American classical scholar

Tina Passman is an American classical scholar, who is Emeritus Associate Professor of Classical Language and Literature at the University of Maine. Alongside David Halperin, Passman was one of the first co-chairs of the Lesbian and Gay Classical Caucus, now Lambda Classical Caucus, which was founded in 1989. She studied for her BA, MA and PhD in Classics at the University of Iowa. Her research interests include women in the ancient world, multiculturalism, community building and inclusion. She pioneered online teaching and the adoption of universal design in her field.

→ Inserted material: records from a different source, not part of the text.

Lemma rim_pair_succ u v : [set (inr u : V); inr v] \in wheel_edges s n.+2 -> u <> v ->
  v = u + 1 \/ u = v + 1.
Proof.
move=> /wheel_edgeP [[a [p E]] | [p E]].
  have : (inl a : V) \in [set (inr u : V); inr v] by rewrite E !inE eqxx.
  by rewrite !inE.
have : (inr u : V) \in rim_edge p by rewrite -E !inE eqxx.
have : (inr v : V) \in rim_edge p by rewrite -E !inE eqxx orbT.
rewrite !inE => /orP [/eqP [->]|/eqP [->]] /orP [/eqP [->]|/eqP [->]] uv;
  by [left | right | case: uv].
Qed.

End WheelEdges.

Section ArcCopies.
Variables (s n m : nat).
Hypothesis hD : 2 * m + 5 <= n.+2.
Local Open Scope ring_scope.
Local Notation V := (wV s n.+2).

Fact arc_copy_key : unit. Proof. exact: tt. Qed.
Definition arc_copy : 'I_s -> 'I_n.+2 -> {set 'I_m.+3} -> {set {set V}} :=
  locked_with arc_copy_key (fun a r J =>
    [set spoke a (r + (val o)%:R) | o in J] :|:
    [set rim_edge s (r + (val o)%:R) | o : 'I_m.+2]).

Lemma arc_copyE a r J : arc_copy a r J =
  [set spoke a (r + (val o)%:R) | o in J] :|:
  [set rim_edge s (r + (val o)%:R) | o : 'I_m.+2].
Proof. by rewrite /arc_copy unlock. Qed.

Lemma arc_copyP a r J e : e \in arc_copy a r J ->
  (exists2 o, o \in J & e = spoke a (r + (val o)%:R)) \/
  (exists o : 'I_m.+2, e = rim_edge s (r + (val o)%:R)).
Proof.
rewrite arc_copyE inE => /orP [/imsetP [o oJ ->] | /imsetP [o _ ->]].
  by left; exists o.
by right; exists o.
Qed.

Lemma spoke_in_arc_copy a r J a' p : spoke a' p \in arc_copy a r J ->
  a' = a /\ exists2 o, o \in J & p = r + (val o)%:R.
Proof.
case/arc_copyP => [[o oJ /spoke_inj [-> ->]] | [o /spoke_neq_rim_edge]] //.
by split=> //; exists o.
Qed.

Lemma rim_edge_in_arc_copy a r J p : rim_edge s p \in arc_copy a r J ->
  exists o : 'I_m.+2, p = r + (val o)%:R.
Proof.
have n2 : (2 < n.+2)%N by lia.
case/arc_copyP => [[o _ /esym /spoke_neq_rim_edge] | [o /(rim_edge_inj n2) ->]] //.
by exists o.
Qed.

Definition arc_starts a J (e e' : {set V}) :=
  [set r | (e \in arc_copy a r J) && (e' \in arc_copy a r J)].

Lemma arc_startsC a J e e' : arc_starts a J e e' = arc_starts a J e' e.
Proof. by apply/setP => r; rewrite !inE andbC. Qed.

Passman has voiced interpretations that recognized a "patriarchal voice" in the Homeric Hymn to Demeter. In 1993 her article "Out of the Closet and into the Field: Matriculture, the Lesbian Perspective, and Feminist Classics" was published which discussed the neglect of America's first woman classicist, Jane Harrison, and tied that neglect to an unpopularity of lesbian perspectives in the field. However, her perspectives on both matriarchy and Jane Harrison were challenged in by Simon Goldhill who described her views as "uncritical".

== Awards ==

- 2011 Outstanding Faculty Award - College of Liberal Arts and Sciences at the University of Maine.

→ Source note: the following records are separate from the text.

(* Let $f \in C((0,\infty);(0,\infty))$ be asymptotically increasing with $\lim_{x\to\infty} f(x)/x = \infty$, and define $\bar F(x) = \int_0^x f(s)\,ds$ for $x>0$. Then $\bar F$ preserves superexponential growth.
   Context: ''$f$ is asymptotically increasing'' means that there is a continuous increasing function $\phi:(0,\infty)\to(0,\infty)$ with $f(x)/\phi(x)\to 1$ as $x\to\infty$. A function $g \in C((0,\infty);(0,\infty))$ exhibits superexponential growth if $g(x)\to\infty$ as $x\to\infty$ and $\lim_{x\to\infty} g(x-\epsilon)/g(x) = 0$ for each $\epsilon>0$. A function $\phi \in C((0,\infty);(0,\infty))$ preserves superexponential growth if for every $g$ exhibiting superexponential growth and every $\epsilon>0$, $\lim_{x\to\infty}\phi(g(x-\epsilon))/\phi(g(x)) = 0$. *)

From Stdlib Require Import Reals.
From Coquelicot Require Import Coquelicot.
Open Scope R_scope.

Definition pos_cont (f : R -> R) : Prop :=
  forall x, 0 < x -> continuous f x /\ 0 < f x.

Definition asymp_increasing (f : R -> R) : Prop :=
  exists phi : R -> R,
    pos_cont phi /\
    (forall x y, 0 < x -> x < y -> phi x < phi y) /\
    is_lim (fun x => f x / phi x) p_infty 1.

Definition superexp (g : R -> R) : Prop :=
  pos_cont g /\
  is_lim g p_infty p_infty /\
  forall eps, 0 < eps -> is_lim (fun x => g (x - eps) / g x) p_infty 0.

Definition preserves_superexp (phi : R -> R) : Prop :=
  pos_cont phi /\
  forall g, superexp g ->
    forall eps, 0 < eps ->
      is_lim (fun x => phi (g (x - eps)) / phi (g x)) p_infty 0.

(** Once [f] lies between
    [phi/2] and [2 phi] beyond some [X0], monotonicity of [phi] gives, for
    [2 u <= v] and [v >= 2 X0], the two estimates
    [Fbar u <= Fbar X0 + 2 u phi(v/2)] and [Fbar v >= v phi(v/2) / 4]
    (integrate over [[v/2, v]]), hence
    [Fbar u / Fbar v <= K / v + 8 u / v] with [K = 4 Fbar X0 / phi X0].
    Along [u = g(x - eps)], [v = g x] both terms tend to [0] when [g] grows
    superexponentially. *)

From Stdlib Require Import Reals Lra.
From Coquelicot Require Import Coquelicot.
Open Scope R_scope.

Lemma locally_gt_half (x : R) : 0 < x -> locally x (fun y => x / 2 < y).
Proof.
  intros hx. exists (mkposreal (x / 2) ltac:(lra)). intros y Hy.
  change (Rabs (y - x) < x / 2) in Hy. destruct (Rabs_def2 _ _ Hy). lra.
Qed.

Lemma ratio_lim1_bounds (f phi : R -> R) :
  (forall x, 0 < x -> 0 < phi x) ->
  is_lim (fun x => f x / phi x) p_infty 1 ->
  exists X0, 0 < X0 /\ forall t, X0 <= t -> phi t / 2 <= f t <= 2 * phi t.
Proof.
  intros Hphi Hlim. apply is_lim_spec in Hlim.
  destruct (Hlim (mkposreal (1 / 2) ltac:(lra))) as [M HM]. simpl in HM.
  exists (Rmax M 0 + 1). split.
  - pose proof (Rmax_r M 0). lra.
  - intros t Ht. pose proof (Rmax_l M 0). pose proof (Rmax_r M 0).
    assert (Hpt : 0 < phi t) by (apply Hphi; lra).
    specialize (HM t ltac:(lra)). apply Rabs_def2 in HM.
    replace (f t) with (f t / phi t * phi t) by (field; lra). nra.
Qed.

Lemma preserves_superexp_of_ratio_bound (F : R -> R) (K C V0 : R) :
  pos_cont F ->
  (forall u v, 0 < u -> 2 * u <= v -> V0 <= v ->
     F u / F v <= K / v + C * (u / v)) ->
  preserves_superexp F.
Proof.
  intros HF Hbound. split; [exact HF |].
  intros g [Hg [Hg_inf Hg_ratio]] eps heps.
  specialize (Hg_ratio eps heps).
  apply is_lim_le_le_loc
    with (f := fun _ => 0) (g := fun x => K / g x + C * (g (x - eps) / g x)).
  - assert (Hpos : Rbar_locally' p_infty (fun x => eps < x)) by (exists eps; auto).
    assert (Hbig : Rbar_locally' p_infty (fun x => V0 <= g x)).
    { apply is_lim_spec in Hg_inf. destruct (Hg_inf V0) as [M HM].
      exists M. intros x Hx. left. now apply HM. }
    assert (Hhalf : Rbar_locally' p_infty (fun x => g (x - eps) / g x <= 1 / 2)).
    { apply is_lim_spec in Hg_ratio.
      destruct (Hg_ratio (mkposreal (1 / 2) ltac:(lra))) as [M HM].
      exists M. intros x Hx. specialize (HM x Hx). simpl in HM.
      apply Rabs_def2 in HM. lra. }
    generalize (filter_and _ _ Hpos (filter_and _ _ Hbig Hhalf)).
    apply filter_imp. intros x (Hx & HV & Hr).
    assert (hu : 0 < g (x - eps)) by (apply Hg; lra).
    assert (hv : 0 < g x) by (apply Hg; lra).
    assert (HFu : 0 < F (g (x - eps))) by (apply HF; lra).
    assert (HFv : 0 < F (g x)) by (apply HF; lra).
    split.
    + left. now apply Rdiv_lt_0_compat.
    + apply Hbound; auto.
      replace (g (x - eps)) with (g (x - eps) / g x * g x) by (field; lra). nra.
  - apply is_lim_const.
  - assert (Hinv : is_lim (fun x => / g x) p_infty 0)
      by (apply (is_lim_inv _ _ p_infty); easy).
    pose proof (is_lim_plus' _ _ _ _ _ (is_lim_scal_l _ K _ _ Hinv)
                  (is_lim_scal_l _ C _ _ Hg_ratio)) as H.
    rewrite !Rmult_0_r, Rplus_0_r in H. exact H.
Qed.

Lemma RInt_const_R (a b c : R) : RInt (fun _ => c) a b = (b - a) * c.
Proof. exact (RInt_const (V := R_CompleteNormedModule) a b c). Qed.

Section Antiderivative.

Variables f Fbar : R -> R.
Hypothesis Hf : pos_cont f.
Hypothesis HFbar : forall x, 0 < x -> is_RInt_gen f (at_right 0) (at_point x) (Fbar x).

Lemma ex_RInt_pos (a b : R) : 0 < a -> 0 < b -> ex_RInt f a b.
Proof.
  intros ha hb. apply (ex_RInt_continuous (V := R_CompleteNormedModule)).
  intros z Hz. apply Hf.
  assert (0 < Rmin a b) by (apply Rmin_glb_lt; lra). lra.
Qed.

Lemma Fbar_Chasles (a b : R) : 0 < a -> 0 < b -> Fbar b = Fbar a + RInt f a b.
Proof.
  intros ha hb.
  assert (Hab : is_RInt_gen f (at_point a) (at_point b) (RInt f a b)).
  { apply is_RInt_gen_at_point, (RInt_correct (V := R_CompleteNormedModule)).
    now apply ex_RInt_pos. }
  pose proof (is_RInt_gen_Chasles (Fa := at_right 0) (Fc := at_point b)
                f a _ _ (HFbar a ha) Hab) as H.
  rewrite <- (is_RInt_gen_unique (V := R_CompleteNormedModule) _ _ (HFbar b hb)).
  now rewrite (is_RInt_gen_unique (V := R_CompleteNormedModule) _ _ H).
Qed.

Lemma Fbar_ge0 (a : R) : 0 < a -> 0 <= Fbar a.
Proof.
  intros ha.
  assert (Hnear : filter_prod (at_right 0) (at_point a)
                    (fun ab : R * R => 0 < fst ab < a /\ snd ab = a)).
  { apply (Filter_prod _ _ _ (fun e => 0 < e < a) (fun y => y = a)).
    - exists (mkposreal a ha). intros y Hy Hy'.
      change (Rabs (y - 0) < a) in Hy. destruct (Rabs_def2 _ _ Hy). lra.
    - reflexivity.
    - simpl. auto. }
  (* [RInt_gen_norm] with [|f| = f] yields [|Fbar a| <= Fbar a]. *)
  assert (H : Rabs (Fbar a) <= Fbar a).
  { apply (RInt_gen_norm (V := R_CompleteNormedModule)
             (Fa := at_right 0) (Fb := at_point a) f f); auto.
    - revert Hnear. apply filter_imp. intros [e y] [He Hy]. simpl in *. lra.
    - revert Hnear. apply filter_imp. intros [e y] [He Hy] z Hz. simpl in *.
      assert (0 < f z) by (apply Hf; lra).
      unfold norm; simpl; unfold abs; simpl. rewrite Rabs_right; lra. }
  pose proof (Rle_abs (- Fbar a)). rewrite Rabs_Ropp in *. lra.
Qed.

Lemma Fbar_gt0 (a : R) : 0 < a -> 0 < Fbar a.
Proof.
  intros ha. rewrite (Fbar_Chasles (a / 2) a) by lra.
  pose proof (Fbar_ge0 (a / 2) ltac:(lra)).
  assert (0 < RInt f (a / 2) a).
  { apply RInt_gt_0; [lra | |]; intros x Hx; apply Hf; lra. }
  lra.
Qed.

Lemma Fbar_le (a b : R) : 0 < a -> a <= b -> Fbar a <= Fbar b.
Proof.
  intros ha hab. rewrite (Fbar_Chasles a b) by lra.
  assert (0 <= RInt f a b).
  { apply RInt_ge_0; [lra | apply ex_RInt_pos; lra |].
    intros x Hx. left. apply Hf. lra. }
  lra.
Qed.

Lemma is_derive_Fbar (x : R) : 0 < x -> is_derive Fbar x (f x).
Proof.
  intros hx.
  apply (is_derive_ext_loc (fun y => Fbar (x / 2) + RInt f (x / 2) y)).
  - generalize (locally_gt_half x hx). apply filter_imp. intros y Hy.
    symmetry. apply Fbar_Chasles; lra.
  - rewrite <- (Rplus_0_l (f x)).
    apply (is_derive_plus (K := R_AbsRing) (V := R_NormedModule)).
    + apply (is_derive_const (K := R_AbsRing) (V := R_NormedModule)).
    + apply (is_derive_RInt _ _ (x / 2)); [| apply Hf; lra].
      generalize (locally_gt_half x hx). apply filter_imp. intros y Hy.
      apply (RInt_correct (V := R_CompleteNormedModule)), ex_RInt_pos; lra.
Qed.

Lemma pos_cont_Fbar : pos_cont Fbar.
Proof.
  intros x hx. split.
  - apply (ex_derive_continuous (K := R_AbsRing) (V := R_NormedModule)).
    exists (f x). now apply is_derive_Fbar.
  - now apply Fbar_gt0.
Qed.

Section Comparison.

Variables (phi : R -> R) (X0 : R).
Hypothesis Hphi_pos : forall x, 0 < x -> 0 < phi x.
Hypothesis Hphi_le : forall x y, 0 < x -> x <= y -> phi x <= phi y.
Hypothesis HX0 : 0 < X0.
Hypothesis Hf_phi : forall t, X0 <= t -> phi t / 2 <= f t <= 2 * phi t.

Lemma Fbar_upper_bound (u w : R) :
  0 < u -> u <= w -> X0 <= w -> Fbar u <= Fbar X0 + 2 * u * phi w.
Proof.
  intros hu huw hw.
  assert (Hw : 0 < phi w) by (apply Hphi_pos; lra).
  destruct (Rle_lt_dec u X0) as [Hle | Hlt].
  - pose proof (Fbar_le u X0 hu Hle). nra.
  - rewrite (Fbar_Chasles X0 u) by lra.
    assert (Hint : RInt f X0 u <= RInt (fun _ => 2 * phi w) X0 u).
    { apply RInt_le; [lra | apply ex_RInt_pos; lra | apply ex_RInt_const |].
      intros t Ht. pose proof (Hphi_le t w ltac:(lra) ltac:(lra)).
      pose proof (Hf_phi t ltac:(lra)). lra. }
    rewrite RInt_const_R in Hint. nra.
Qed.

Lemma Fbar_lower_bound (v : R) : 2 * X0 <= v -> v * phi (v / 2) / 4 <= Fbar v.
Proof.
  intros hv. rewrite (Fbar_Chasles (v / 2) v) by lra.
  pose proof (Fbar_ge0 (v / 2) ltac:(lra)).
  assert (Hint : RInt (fun _ => phi (v / 2) / 2) (v / 2) v <= RInt f (v / 2) v).
  { apply RInt_le; [lra | apply ex_RInt_const | apply ex_RInt_pos; lra |].
    intros t Ht. pose proof (Hphi_le (v / 2) t ltac:(lra) ltac:(lra)).
    pose proof (Hf_phi t ltac:(lra)). lra. }
  rewrite RInt_const_R in Hint. lra.
Qed.

Lemma Fbar_ratio_bound (u v : R) :
  0 < u -> 2 * u <= v -> 2 * X0 <= v ->
  Fbar u / Fbar v <= 4 * Fbar X0 / phi X0 / v + 8 * (u / v).
Proof.
  intros hu huv hv.
  set (P := phi (v / 2)).
  assert (HP0 : phi X0 <= P) by (apply Hphi_le; lra).
  assert (HX0pos : 0 < phi X0) by (apply Hphi_pos; lra).
  assert (HFX0 : 0 <= Fbar X0) by (now apply Fbar_ge0).
  assert (Hup : Fbar u <= Fbar X0 + 2 * u * P) by (apply Fbar_upper_bound; lra).
  assert (Hlow : v * P / 4 <= Fbar v) by (now apply Fbar_lower_bound).
  assert (HP : 0 < P) by (apply Hphi_pos; lra).
  assert (HFv : 0 < v * P / 4) by (apply Rdiv_lt_0_compat; [nra | lra]).
  apply Rle_trans with ((Fbar X0 + 2 * u * P) / (v * P / 4)).
  - apply Rmult_le_compat; [now apply Fbar_ge0 | | exact Hup |].
    + apply Rlt_le, Rinv_0_lt_compat; lra.
    + apply Rinv_le_contravar; lra.
  - assert (Fbar X0 * phi X0 <= Fbar X0 * P) by nra.
    apply (Rmult_le_reg_r (v * P * phi X0)); [nra |].
    replace ((Fbar X0 + 2 * u * P) / (v * P / 4) * (v * P * phi X0))
      with (4 * (Fbar X0 + 2 * u * P) * phi X0) by (field; lra).
    replace ((4 * Fbar X0 / phi X0 / v + 8 * (u / v)) * (v * P * phi X0))
      with (4 * Fbar X0 * P + 8 * u * P * phi X0) by (field; lra).
    nra.
Qed.

End Comparison.

End Antiderivative.

Theorem corollary1 (f Fbar : R -> R) :
  pos_cont f ->
  asymp_increasing f ->
  is_lim (fun x => f x / x) p_infty p_infty ->
  (forall x, 0 < x -> is_RInt_gen f (at_right 0) (at_point x) (Fbar x)) ->
  preserves_superexp Fbar.
Proof.
  intros Hf [phi [Hphi [Hphi_lt Hlim]]] _ HFbar.
  assert (Hphi_pos : forall x, 0 < x -> 0 < phi x) by (intros x hx; now apply Hphi).
  assert (Hphi_le : forall x y, 0 < x -> x <= y -> phi x <= phi y).
  { intros x y hx [Hxy | ->]; [left; now apply Hphi_lt | lra]. }
  destruct (ratio_lim1_bounds f phi Hphi_pos Hlim) as [X0 [HX0 Hf_phi]].
  apply (preserves_superexp_of_ratio_bound Fbar (4 * Fbar X0 / phi X0) 8 (2 * X0)).
  - exact (pos_cont_Fbar f Fbar Hf HFbar).
  - intros u v hu huv hv.
    exact (Fbar_ratio_bound f Fbar Hf HFbar phi X0 Hphi_pos Hphi_le HX0 Hf_phi
             u v hu huv hv).
Qed.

== Selected publications ==

- Passman, Tina, and Ravonne A. Green. "Start with the syllabus: Universal design from the top." Journal of Access Services 6.1-2 (2009): 48–58.
- Passman, Tina, "Out of the Closet and into the Field: Matriculture, the Lesbian Perspective, and Feminist Classics", in Nancy Sorkin Rabinowitz, Amy Richlin, Feminist Theory and the Classics. Thinking gender. London: Routledge, 1993.
- Tina Passman, “Re (de)fining Woman: Language and Power in the Homeric Hymn to Demeter,” in Woman’s Power, Man’s Game: Essays on Classical Antiquity in Honor of Joy K. King edited by Mary De Forest, Wauconda, IL: Bolchazy-Carducci Publishers (1993) 54–77.
- Passman, Kristina M. "The Classical Amazon in Contemporary Cinema." The Bucknell Review 35.1 (1991): 81.